Además, a la vez, el Imperialismo vuelve más intrusivo y represor al Estado burgués, hace que las crisis económicas sean más virulentas y agrava el estancamiento económico del sistema debido al monopolismo. Es decir, aunque puede permitirse apaciguar temporalmente a parte de los trabajadores y comprar a sus representantes, a la vez tiende globalmente a ceder cada vez menos reformas y mejoras sociales, da menos margen a los políticos reformistas a rechistar y socava las libertades democráticas del pueblo. Esto es, compra a representantes obreros para luego desenmascararlos, desmotivando a los trabajadores con la política burguesa.

Esto obliga a que quienes quieren ser revolucionarios tengan que hacer mucho más esfuerzo en conocer a fondo la teoría política revolucionaria, ser disciplinados y organizados frente a un Estado muy represor y estar en guardia frente a posibles tendencias políticas que les hagan ser absorbidos por el Estado como reformistas. Es decir, el Imperialismo afina lo que significa ser revolucionario, obliga a concretarlo.

En concreto, la innovación principal de Lenin al respecto es en materia de cómo tiene que ser el Partido político revolucionario de la clase obrera. El modelo de los mencheviques, heredado del capitalismo pre-monopolista, era el que hoy vemos comúnmente en partidos reformistas: el partido de masas, un partido de afiliados sin una exigencia de compromiso, disciplina y formación política, un tipo de partido político que para el Estado burgués en el imperialismo es una pieza fácil de convertir en una maquinaria electoral y de reparto de puestos burocráticos, y que no está en absoluto preparado para plantar cara a la institución burocrático-represiva que representa el Estado.

Por el contrario, el partido bolchevique era lo que los comunistas rusos bautizaron con el nombre de Partido de Nuevo Tipo, también conocido como partido de cuadros. Un Partido en el que sí hay una exigencia de compromiso, disciplina y formación, donde existe una política discutida y unificada, donde los dirigentes lo son por elección y reconocimiento de las bases por su capacidad de lucha, no por manejar los censos y las cuotas o por ser buenos portavoces. Este Partido se vincula con las masas, desde las más concienciadas a las más amplias, a través de las distintas organizaciones de lucha de masas.

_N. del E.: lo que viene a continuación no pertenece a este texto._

Lemma Pset_idch_tr_le {d n} {M : 'M[C]_n} : Pset (@idch R d) M -> \tr M <= d%:R.
Proof.
case=> rho [L [rho_density [[psdL sumL] ->]]].
have -> : \tr (\matrix_(i, j) \tr (L j *m idch (rho i))) = \sum_i \tr (L i *m rho i).
  by apply: eq_bigr => i _; rewrite mxE.
have <- : \sum_i \tr (L i) = d%:R :> C by rewrite -raddf_sum sumL /= mxtrace1.
apply: ler_sum => i _; have [Im0 Re_le] := tr_psd_mul (psdL i) (rho_density i).1.
rewrite lecE Im0 Im_sum big1 ?eqxx => [/=|a _]; last by have [] := psd_entries a a (psdL i).
by rewrite (rho_density i).2 mulr1 in Re_le.
Qed.

Lemma Fc_idch d : Fc (@idch R d) = (d%:R)%:E.
Proof.
apply/le_anti/andP; split.
  apply: ge_ereal_sup => _ [n [P [PP ->]]]; rewrite lee_fin.
  by move: (Pset_idch_tr_le PP); rewrite -[d%:R](rmorph_nat (real_complex R)) lecE => /andP[].
apply: ereal_sup_ubound; exists d.
exists (\matrix_(i, j) \tr ((delta_mx j j : 'M[C]_d) *m idch (delta_mx i i))).
split.
  exists (fun i => delta_mx i i), (fun j => delta_mx j j).
  by split; [move=> i; apply: density_delta | split; last by []; apply: POVM_delta].
rewrite [\tr (\matrix_(i, j) _)](_ : _ = \sum_(i < d) 1); last first.
  by apply: eq_bigr => i _; rewrite mxE /idch tr_delta_mul mxE !eqxx.
by rewrite sumr_const card_ord -(rmorph_nat (real_complex R)).
Qed.

End IdentityChannel.

Section PureStates.
Variable R : realType.
Local Notation C := R[i].

Lemma pure_state_of_range m n (V : 'M[C]_(m, n)) (u : 'cV[C]_m) (y : 'cV[C]_n) (k : R) :
  isometry_mx V -> u = V *m y -> (adj u *m u) 0 0 = k%:C%C -> 0 < k ->
  density ((k^-1)%:C%C *: (y *m adj y)) /\
  V *m ((k^-1)%:C%C *: (y *m adj y)) *m adj V = (k^-1)%:C%C *: (u *m adj u).
Proof.
move=> isoV -> norm_u k_gt0.
have norm_y : (adj y *m y) 0 0 = k%:C%C.
  by rewrite -norm_u adjM mulmxA -(mulmxA (adj y)) isoV mulmx1.
split; last by rewrite -scalemxAr -scalemxAl adjM !mulmxA.
split.
  move=> x; rewrite -scalemxAr -scalemxAl mxE !mulmxA -(mulmxA (adj x *m y)).
  rewrite mxE big_ord1 -[adj y *m x]adjK adjM adjK adjE.
  by apply: mulr_ge0; [rewrite ler0c invr_ge0 ltW | apply: mulcJ_ge0].
rewrite linearZ /= mxtrace_mulC /mxtrace big_ord1 norm_y -rmorphM /= mulVf //.
by rewrite gt_eqF.
Qed.

End PureStates.

Section SevenStateCode.
Variable R : realType.
Local Notation C := R[i].
Local Notation Re := (@complex.Re R).

(* Coordinates in the basis |ab> of the seven unnormalised signals, in the
   order listed above.  None has a |01> component and each has zero diagonal
   sum, so all are orthogonal to |01> and |phi_3^+>. *)
Definition signal_coef (j a b : nat) : R :=
  match j, a, b with
  | 0, 0, 2 | 1, 1, 0 | 2, 1, 2 | 3, 2, 0 | 4, 2, 1 => 1
  | 5, 0, 0 => 2 | 5, 1, 1 => -1 | 5, 2, 2 => -1
  | 6, 1, 1 => 1 | 6, 2, 2 => -1
  | _, _, _ => 0
  end.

Los bolcheviques fueron un partido político minoritario dentro del movimiento obrero ruso hasta los momentos previos a la Revolución de Octubre, pero ya contaban con un gran reconocimiento por su capacidad de lucha y la claridad de sus análisis y consignas, su capacidad para distinguir el golpe principal a cada momento, y esa fama calaba también entre las bases de Partidos como los mencheviques.

No hay Partido Comunista que escape a la lucha de líneas

Antes de que los bolcheviques se considerasen marxistas-leninistas, ya existían debates en su seno que afectaban de forma vital a la manera en que tenía que desarrollarse la revolución. Valga como ejemplo que los dirigentes bolcheviques Kamenev y Zinoviev se opusieron a la toma del poder por verla prematura, y que muchos de los dirigentes, incluidos ellos dos, pretendían apoyarse tras la Revolución de Octubre en coaliciones con otros grupos socialistas, en lugar de directamente sobre las masas obreras en los soviets.

Estas visiones políticas divergían, en el fondo, por motivos de clase: retrasar continuamente la Revolución o pretender presentar acuerdos entre partidos políticos como “poder obrero” delatan una visión aburguesada de la política, con poca confianza en la clase obrera.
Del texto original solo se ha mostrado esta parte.